Sometimes, it’s really hard to imagine a great big God sitting on a great big throne, watching every tiny person in the universe melt into little puddles of people as the chaos of our lives and the lies we’ve been told—are still being told—nibbles away at who we were created to be.

Sometimes, it’s really hard to believe he’s a mighty, merciful, got-everything-under-control God.

I feel doubt sometimes, too, when I think of my friends Ben and Katrina.

Their story is difficult to tell. They’ve been married for more than five years and have been trying to have children since the day they said their vows. It hasn’t happened yet.

So, for the last year, they’ve been traveling to San Antonio for fertility treatments and some really painful procedures that they had hoped might make a difference.

They were here just last week for some tests that would determine whether they could proceed with a costly fertility treatment they had already tried once before. My Ben and I joined them for lunch before they followed me back to our home to wait for the 2 p.m. doctor’s call.

He was late calling. I laid Jadon down for his afternoon nap, and Ben and Katrina and I sat at our dining room table chatting and joking and laughing, trying not to think about the reason they were there. Katrina glanced at her watch every now and then as the minutes slid into an hour.

When her phone finally buzzed, Katrina answered it with this vulnerability that knotted my heart. Ben (her Ben) couldn’t even look at her. Fear sucked all the air from the room, so my spirit began to pray words that settled my stomach, words that I can’t even remember now.
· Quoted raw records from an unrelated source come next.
(* Let $\Gamma$ be a finitely generated group with finite symmetric generating set $S$, $\rho\colon\Gamma\curvearrowright\mathcal H$ an affine action on a Hilbert space and $f\colon\Gamma\to\mathcal H$ a $\rho$-equivariant map. Then for all $x\in\Gamma$, $$\|\Delta Hf(x)\|\le\max_{x'\in x(S\cup\{e\})}\|\Delta f(x')\|,$$ and if equality holds for some $x$, then $\Delta f$ is a constant vector independent of $x\in\Gamma$.
   Context: $f$ is $\rho$-equivariant if $f(\gamma x)=\rho(\gamma)(f(x))$ for all $\gamma,x$. Averaging operator: $Hf(x)=\frac12\big(\frac1{\#S}\sum_{s\in S}f(xs)+f(x)\big)$; Laplacian: $\Delta f=(1-H)f$, i.e. $\Delta f(x)=\frac1{2\#S}\sum_{s\in S}(f(x)-f(xs))$. $x(S\cup\{e\})=\{xs:s\in S\}\cup\{x\}$. *)

From Stdlib Require Import Reals List.
Import ListNotations.
Open Scope R_scope.

Record HilbertSpace := {
  hcarrier :> Type;
  vadd : hcarrier -> hcarrier -> hcarrier;
  vzero : hcarrier;
  vopp : hcarrier -> hcarrier;
  vscal : R -> hcarrier -> hcarrier;
  inner : hcarrier -> hcarrier -> R;
  vadd_assoc : forall u v w, vadd u (vadd v w) = vadd (vadd u v) w;
  vadd_comm : forall u v, vadd u v = vadd v u;
  vadd_0 : forall u, vadd u vzero = u;
  vadd_opp : forall u, vadd u (vopp u) = vzero;
  vscal_distr_v : forall a u v, vscal a (vadd u v) = vadd (vscal a u) (vscal a v);
  vscal_distr_s : forall a b u, vscal (a + b) u = vadd (vscal a u) (vscal b u);
  vscal_assoc : forall a b u, vscal a (vscal b u) = vscal (a * b) u;
  vscal_1 : forall u, vscal 1 u = u;
  inner_sym : forall u v, inner u v = inner v u;
  inner_add_l : forall u v w, inner (vadd u v) w = inner u w + inner v w;
  inner_scal_l : forall a u v, inner (vscal a u) v = a * inner u v;
  inner_pos : forall u, 0 <= inner u u;
  inner_def : forall u, inner u u = 0 -> u = vzero;
  complete : forall u : nat -> hcarrier,
    (forall eps, eps > 0 -> exists N, forall m n, (N <= m)%nat -> (N <= n)%nat ->
        sqrt (inner (vadd (u m) (vopp (u n))) (vadd (u m) (vopp (u n)))) < eps) ->
    exists l, forall eps, eps > 0 -> exists N, forall n, (N <= n)%nat ->
        sqrt (inner (vadd (u n) (vopp l)) (vadd (u n) (vopp l))) < eps
}.

Arguments vadd {_}. Arguments vzero {_}. Arguments vopp {_}.
Arguments vscal {_}. Arguments inner {_}.

Definition vsub {V : HilbertSpace} (u v : V) : V := vadd u (vopp v).
Definition hnorm {V : HilbertSpace} (u : V) : R := sqrt (inner u u).

Definition vsum {V : HilbertSpace} {A : Type} (l : list A) (F : A -> V) : V :=
  fold_right (fun a acc => vadd (F a) acc) vzero l.

Definition is_linear {V : HilbertSpace} (L : V -> V) : Prop :=
  (forall u v, L (vadd u v) = vadd (L u) (L v)) /\
  (forall a u, L (vscal a u) = vscal a (L u)).

Definition is_affine {V : HilbertSpace} (A : V -> V) : Prop :=
  exists L b, is_linear L /\ forall v, A v = vadd (L v) b.

Definition is_group {G : Type} (mul : G -> G -> G) (inv : G -> G) (e : G) : Prop :=
  (forall x y z, mul x (mul y z) = mul (mul x y) z) /\
  (forall x, mul e x = x) /\ (forall x, mul x e = x) /\
  (forall x, mul x (inv x) = e) /\ (forall x, mul (inv x) x = e).

Definition generates {G : Type} (mul : G -> G -> G) (inv : G -> G) (e : G)
  (S : list G) : Prop :=
  forall P : G -> Prop,
    P e -> (forall x y, P x -> P y -> P (mul x y)) -> (forall x, P x -> P (inv x)) ->
    (forall s, In s S -> P s) -> forall g, P g.

Definition fin_sym_gen_set {G : Type} (mul : G -> G -> G) (inv : G -> G) (e : G)
  (S : list G) : Prop :=
  NoDup S /\ S <> [] /\ (forall s, In s S -> In (inv s) S) /\ generates mul inv e S.

Definition is_affine_action {G : Type} (mul : G -> G -> G) (e : G)
  {V : HilbertSpace} (rho : G -> V -> V) : Prop :=
  (forall g, is_affine (rho g)) /\
  (forall v, rho e v = v) /\
  (forall g h v, rho (mul g h) v = rho g (rho h v)).

Definition equivariant {G : Type} (mul : G -> G -> G) {V : HilbertSpace}
  (rho : G -> V -> V) (f : G -> V) : Prop :=
  forall g x, f (mul g x) = rho g (f x).

Definition Hop {G : Type} (mul : G -> G -> G) (S : list G) {V : HilbertSpace}
  (f : G -> V) : G -> V :=
  fun x => vscal (1/2)
    (vadd (vscal (1 / INR (length S)) (vsum S (fun s => f (mul x s)))) (f x)).

Definition Lap {G : Type} (mul : G -> G -> G) (S : list G) {V : HilbertSpace}
  (f : G -> V) : G -> V :=
  fun x => vsub (f x) (Hop mul S f x).

Definition max_nbhd {G : Type} (mul : G -> G -> G) (S : list G) (g : G -> R) (x : G) : R :=
  fold_right (fun s acc => Rmax (g (mul x s)) acc) (g x) S.

(* Delta commutes with H, so Delta H f (x) = H (Delta f) (x) is the average
   (1/2)(mean_s Delta f (xs) + Delta f (x)).  By the variance identity in a Hilbert
   space, the norm of such an average is at most the largest norm of the averaged
   vectors, with equality only if they all coincide.  Equality at x0 thus gives
   Delta f (x0 s) = Delta f (x0) for s in S.  As Delta f (g x) = L_g (Delta f (x))
   with L_g the linear part of rho g, this invariance moves from x0 to every
   point, and since S generates the group, Delta f is constant. *)
From Stdlib Require Import Reals List Lra Lia FunctionalExtensionality.
Import ListNotations.
Open Scope R_scope.

Section VectorAlgebra.
Variable V : HilbertSpace.
Implicit Types u v w a b c d : V.

Lemma vadd_0_l u : vadd vzero u = u.
Proof. rewrite vadd_comm; apply vadd_0. Qed.

Lemma vadd_cancel_r u v w : vadd u w = vadd v w -> u = v.
Proof.
  intro H.
  rewrite <- (vadd_0 _ u), <- (vadd_0 _ v), <- (vadd_opp _ w), !vadd_assoc, H.
  reflexivity.
Qed.

Lemma vscal_0 u : vscal 0 u = vzero.
Proof.
  apply (vadd_cancel_r _ _ (vscal 0 u)).
  rewrite <- vscal_distr_s, Rplus_0_l, vadd_0_l; reflexivity.
Qed.

Lemma vadd_vaddC a b c d : vadd (vadd a b) (vadd c d) = vadd (vadd a c) (vadd b d).
Proof.
  rewrite <- !vadd_assoc; f_equal.
  rewrite !vadd_assoc; f_equal; apply vadd_comm.
Qed.

Lemma vsub_scal u v : vsub u v = vadd u (vscal (-1) v).
Proof.
  unfold vsub; f_equal.
  apply (vadd_cancel_r _ _ v).
  rewrite vadd_comm, vadd_opp.
  rewrite <- (vscal_1 V v) at 2; rewrite <- vscal_distr_s.
  replace (-1 + 1) with 0 by ring; symmetry; apply vscal_0.
Qed.

Lemma vscal_sub (k : R) u v : vscal k (vsub u v) = vsub (vscal k u) (vscal k v).
Proof. rewrite !vsub_scal, vscal_distr_v, !vscal_assoc, Rmult_comm; reflexivity. Qed.

Lemma vsub_vaddC a b c d : vadd (vsub a b) (vsub c d) = vsub (vadd a c) (vadd b d).
Proof. rewrite !vsub_scal, (vscal_distr_v _ _ b d); apply vadd_vaddC. Qed.

Lemma vsub_addr u v w : vsub (vadd u w) (vadd v w) = vsub u v.
Proof. rewrite <- vsub_vaddC; unfold vsub at 2; rewrite vadd_opp, vadd_0; reflexivity. Qed.

Lemma vsub_eq0 u v : vsub u v = vzero -> u = v.
Proof.
  intro H; rewrite <- (vadd_0_l v), <- H; unfold vsub.
  rewrite <- vadd_assoc, (vadd_comm _ (vopp v) v), vadd_opp, vadd_0; reflexivity.
Qed.

Lemma vsum_add {A} (l : list A) (F F' : A -> V) :
  vsum l (fun s => vadd (F s) (F' s)) = vadd (vsum l F) (vsum l F').
Proof.
  induction l as [|a l IH]; simpl; [symmetry; apply vadd_0|].
  rewrite IH; apply vadd_vaddC.
Qed.

Lemma vsum_sub {A} (l : list A) (F F' : A -> V) :
  vsum l (fun s => vsub (F s) (F' s)) = vsub (vsum l F) (vsum l F').
Proof.
  induction l as [|a l IH]; simpl; [symmetry; apply vadd_opp|].
  rewrite IH; apply vsub_vaddC.
Qed.

Lemma vsum_const {A} (l : list A) b : vsum l (fun _ => b) = vscal (INR (length l)) b.
Proof.
  induction l as [|a l IH]; [symmetry; apply vscal_0|].
  change (vadd b (vsum l (fun _ => b)) = vscal (INR (S (length l))) b).
  rewrite IH, vadd_comm.
  rewrite <- (vscal_1 V b) at 2; rewrite <- vscal_distr_s, S_INR; reflexivity.
Qed.

Lemma inner_add_r u v w : inner u (vadd v w) = inner u v + inner u w.
Proof. rewrite inner_sym, inner_add_l, (inner_sym _ v), (inner_sym _ w); reflexivity. Qed.

Lemma inner_scal_r (k : R) u v : inner u (vscal k v) = k * inner u v.
Proof. rewrite inner_sym, inner_scal_l, inner_sym; reflexivity. Qed.

Lemma inner_sub_sq a b : inner (vsub a b) (vsub a b) = inner a a - 2 * inner a b + inner b b.
Proof.
  rewrite vsub_scal, inner_add_l, !inner_add_r, !inner_scal_l, !inner_scal_r, (inner_sym _ b a).
  ring.
Qed.

Lemma inner_vsum_l {A} (l : list A) (F : A -> V) w :
  inner (vsum l F) w = fold_right (fun s acc => inner (F s) w + acc) 0 l.
Proof.
  induction l as [|a l IH]; simpl.
  - rewrite <- (vscal_0 vzero), inner_scal_l; ring.
  - rewrite inner_add_l, IH; reflexivity.
Qed.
I do remember Katrina’s feet, crossed at the ankles, and the way her heels tapped the floor in a rhythm that seemed to hold her together and the way the tips of her fingernails turned white from her grip on the phone and the way her face crumpled like a flimsy piece of notebook paper when her composure fractured.

Every one of her tears burned my face.

She ended the call and just stared at her husband for what seemed like forever, her tears pooling on the neck of her T-shirt. The pain made it so hard to breathe.

I had to leave the room.

I didn’t say a word before I walked up our stairs. I didn’t know what to say. I only knew that I could feel it inside, way down deep, a sickening pain that blazed its way through my mind and heart and soul. I watched it drink my hope like hope had never reached solidity.

Then Jadon began to cry.

I slid into his room and cradled him in my arms, trying to rock him back to sleep before his wail bruised Ben’s and Katrina’s hearts even more. I thought about a lot in those moments before he closed his eyes. I thought about how he was a gift we didn’t deserve, about how (my) Ben and I take so much of God’s favor for granted, about how he could turn it all around in a second.
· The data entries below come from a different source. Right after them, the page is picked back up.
Lemma drev_lt B b : (b < 2 * B)%nat -> (drev b < 2 * B)%nat.
Proof. destruct (dbond_cases b) as [[j ->]|[j ->]]; [rewrite drev_even|rewrite drev_odd]; lia. Qed.

Lemma und_lt B b : (b < 2 * B)%nat -> (und b < B)%nat.
Proof. destruct (dbond_cases b) as [[j ->]|[j ->]]; [rewrite und_even|rewrite und_odd]; lia. Qed.

Lemma degree_as_Rsum B ends v :
  INR (degree B ends v) = Rsum B (fun j => b2r (incb ends v j)).
Proof.
  unfold degree. induction B as [|m IH]; [reflexivity|].
  rewrite seq_S, filter_app, length_app. simpl. rewrite plus_INR, IH.
  unfold b2r. destruct (incb ends v m); simpl; ring.
Qed.

Section DirectedBonds.

Variable ends : nat -> nat * nat.

Lemma dorig_even j : dorig ends (2 * j) = fst (ends j).
Proof. unfold dorig. now rewrite even_even_bond, und_even. Qed.

Lemma dterm_even j : dterm ends (2 * j) = snd (ends j).
Proof. unfold dterm. now rewrite even_even_bond, und_even. Qed.

Lemma dorig_odd j : dorig ends (2 * j + 1) = snd (ends j).
Proof. unfold dorig. now rewrite even_odd_bond, und_odd. Qed.

Lemma dterm_odd j : dterm ends (2 * j + 1) = fst (ends j).
Proof. unfold dterm. now rewrite even_odd_bond, und_odd. Qed.

Lemma dorig_drev b : dorig ends (drev b) = dterm ends b.
Proof.
  destruct (dbond_cases b) as [[j ->]|[j ->]];
    [rewrite drev_even, dorig_odd, dterm_even | rewrite drev_odd, dorig_even, dterm_odd];
    reflexivity.
Qed.

Lemma dterm_drev b : dterm ends (drev b) = dorig ends b.
Proof. rewrite <- (drevK b) at 2. now rewrite dorig_drev. Qed.

Lemma incb_dterm b : incb ends (dterm ends b) (und b) = true.
Proof.
  unfold incb. destruct (dbond_cases b) as [[j ->]|[j ->]];
    [rewrite dterm_even, und_even | rewrite dterm_odd, und_odd];
    rewrite !Nat.eqb_refl; auto using Bool.orb_true_r.
Qed.

Variables V B : nat.
Hypothesis SG : simple_graph V B ends.

Lemma dorig_lt b : (b < 2 * B)%nat -> (dorig ends b < V)%nat.
Proof.
  intro Hb. destruct (dbond_cases b) as [[j ->]|[j ->]];
    [rewrite dorig_even | rewrite dorig_odd]; apply (proj1 SG); lia.
Qed.

Lemma dterm_lt b : (b < 2 * B)%nat -> (dterm ends b < V)%nat.
Proof.
  intro Hb. destruct (dbond_cases b) as [[j ->]|[j ->]];
    [rewrite dterm_even | rewrite dterm_odd]; apply (proj1 SG); lia.
Qed.

Lemma und_inj_dterm b b' : (b < 2 * B)%nat -> (b' < 2 * B)%nat ->
  und b = und b' -> dterm ends b = dterm ends b' -> b = b'.
Proof.
  intros Hb Hb' Hu Ht.
  destruct (dbond_cases b) as [[j ->]|[j ->]], (dbond_cases b') as [[j' ->]|[j' ->]];
    rewrite ?und_even, ?und_odd in Hu; subst j'; try reflexivity; exfalso;
    rewrite ?dterm_even, ?dterm_odd in Ht; apply (proj1 SG j); lia || auto.
Qed.

Lemma dbond_eq_of_ends b b' : (b < 2 * B)%nat -> (b' < 2 * B)%nat ->
  dorig ends b = dorig ends b' -> dterm ends b = dterm ends b' -> b = b'.
Proof.
  intros Hb Hb' Ho Ht.
  destruct (Nat.eq_dec (und b) (und b')) as [Hu|Hu]; [now apply und_inj_dterm|].
  exfalso. destruct (proj2 SG (und b) (und b')) as [N1 N2]; try apply und_lt; auto.
  unfold dorig, dterm in Ho, Ht.
  destruct (Nat.even b), (Nat.even b'); destruct (ends (und b)), (ends (und b'));
    simpl in *; subst; auto.
Qed.

Lemma in_degree d v : regular V B ends d -> (v < V)%nat ->
  Rsum (2 * B) (fun e => b2r (Nat.eqb (dterm ends e) v)) = INR d.
Proof.
  intros REG Hv. rewrite <- (REG v Hv), degree_as_Rsum, Rsum_double.
  apply Rsum_ext. intros j Hj. rewrite dterm_even, dterm_odd. unfold incb.
  destruct (proj1 SG j Hj) as [_ [_ Hne]].
  destruct (Nat.eqb_spec (snd (ends j)) v), (Nat.eqb_spec (fst (ends j)) v);
    simpl; lra || congruence.
Qed.

End DirectedBonds.

(** * Unitarity of the scattering matrices *)

Definition orthonormal_rows (n : nat) (A : nat -> nat -> Cpx) : Prop :=
  forall k k', (k < n)%nat -> (k' < n)%nat ->
    Csum n (fun c => Cmul (A k c) (Cconj (A k' c))) = if Nat.eqb k k' then C1 else C0.

Lemma RtoC_inj x y : RtoC x = RtoC y -> x = y.
Proof. intro E. exact (f_equal fst E). Qed.

Lemma orthonormal_rows_preserve_norm n A (x : nat -> Cpx) : orthonormal_rows n A ->
  Rsum n (fun c => Cabs2 (Csum n (fun k => Cmul (x k) (A k c)))) = Rsum n (fun k => Cabs2 (x k)).
Proof.
  intro HA. apply RtoC_inj. rewrite <- !Csum_RtoC.
  rewrite (Csum_ext n _ (fun c => Csum n (fun k => Csum n (fun k' =>
      Cmul (Cmul (x k) (Cconj (x k'))) (Cmul (A k c) (Cconj (A k' c))))))).
  2:{ intros c _. rewrite Cabs2_as_product, Cconj_Csum, Csum_mul_Csum.
      apply Csum_ext; intros; apply Csum_ext; intros. Cpx_ring. }
  rewrite Csum_swap.
  apply Csum_ext. intros k Hk. rewrite Csum_swap.
  rewrite (Csum_ext n _ (fun k' => Cmul (Cmul (x k) (Cconj (x k')))
                                   (if Nat.eqb k k' then C1 else C0))).
  2:{ intros k' Hk'. now rewrite Csum_mul_l, HA. }
  rewrite (Csum_single n _ k Hk), Nat.eqb_refl, Cabs2_as_product; [Cpx_ring|].
  intros k' _ Hne. apply Nat.eqb_neq in Hne. rewrite Nat.eqb_sym, Hne. Cpx_ring.
Qed.

Lemma Cmatpow_row_norm n A t b : orthonormal_rows n A -> (b < n)%nat ->
  Rsum n (fun c => Cabs2 (Cmatpow n A t b c)) = 1.
Proof.
  intros HA Hb. induction t as [|t IH]; simpl.
  - rewrite (Rsum_single _ _ b Hb), Nat.eqb_refl.
    + unfold Cabs2, C1. simpl. ring.
    + intros i _ Hne. rewrite (proj2 (Nat.eqb_neq b i)) by auto. apply Cabs2_C0.
  - unfold Cmatmul. now rewrite orthonormal_rows_preserve_norm.
Qed.

Section Scattering.

Variables (V B : nat) (ends : nat -> nat * nat) (sigma : nat -> nat -> nat -> Cpx).
Hypothesis SG : simple_graph V B ends.
Hypothesis VU : vertex_unitary V B ends sigma.

Lemma Smat_row_dot_same_vertex b b' : dterm ends b = dterm ends b' ->
  Csum (2 * B) (fun c => Cmul (Smat ends sigma b c) (Cconj (Smat ends sigma b' c))) =
  Csum B (fun j => if incb ends (dterm ends b) j
                   then Cmul (Cconj (sigma (dterm ends b) j (und b')))
                             (sigma (dterm ends b) j (und b))
                   else C0).
Proof.
  (* Of the two orientations of a bond at [v], exactly one leaves [v]. *)
  intro Ht. unfold Smat. rewrite <- Ht, Csum_double. set (v := dterm ends b).
  apply Csum_ext. intros j Hj.
  rewrite dorig_even, dorig_odd, und_even, und_odd. unfold incb.
  destruct (proj1 SG j Hj) as [_ [_ Hne]].
  destruct (Nat.eqb_spec v (fst (ends j))), (Nat.eqb_spec v (snd (ends j)));
    destruct (Nat.eqb_spec (fst (ends j)) v), (Nat.eqb_spec (snd (ends j)) v);
    simpl; congruence || Cpx_ring.
Qed.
I thought about what I could possibly say to keep Ben and Katrina believing. God is on his throne. He is all-powerful, even though he hasn’t opened Katrina’s womb, and loving, even though he hasn’t answered her most repeated prayer, and fair, even though millions of abortions happen every day while couples like Ben and Katrina ache for a child. He has plans to prosper us, works all things out for our good, gives us the desires of our hearts when rest in him. They were just words, and I couldn’t make them anything more.

I prayed over them before they left, told them (my) Ben and I would believe for them when they couldn’t believe anymore. They left with vacant eyes. The enemy’s lies were sneaking back in, convincing them they are broken and defective.

I’ve prayed for them all week, right around my 14th lap on the treadmill we keep in our garage. I’ve prayed that God would show them he’s a mighty, merciful, got-everything-under-control God.

The thing is—what God wedged into my heart as I dozed yesterday—sometimes, he’s not a great big God sitting on a great big throne.

I don’t mean that to say that he’s not always I AM. I mean it to say that sometimes, when death or disappointment or those splintered dreams creep into our lives, he is a small God, close enough to touch and hear and see. Sometimes, he’s right here, stroking our hair as we try to figure out what to do with so much pain, his heart throbbing right along with ours. And sometimes, that’s exactly what we need.

Oh, God, be small enough for Ben and Katrina. Be small enough for all of us.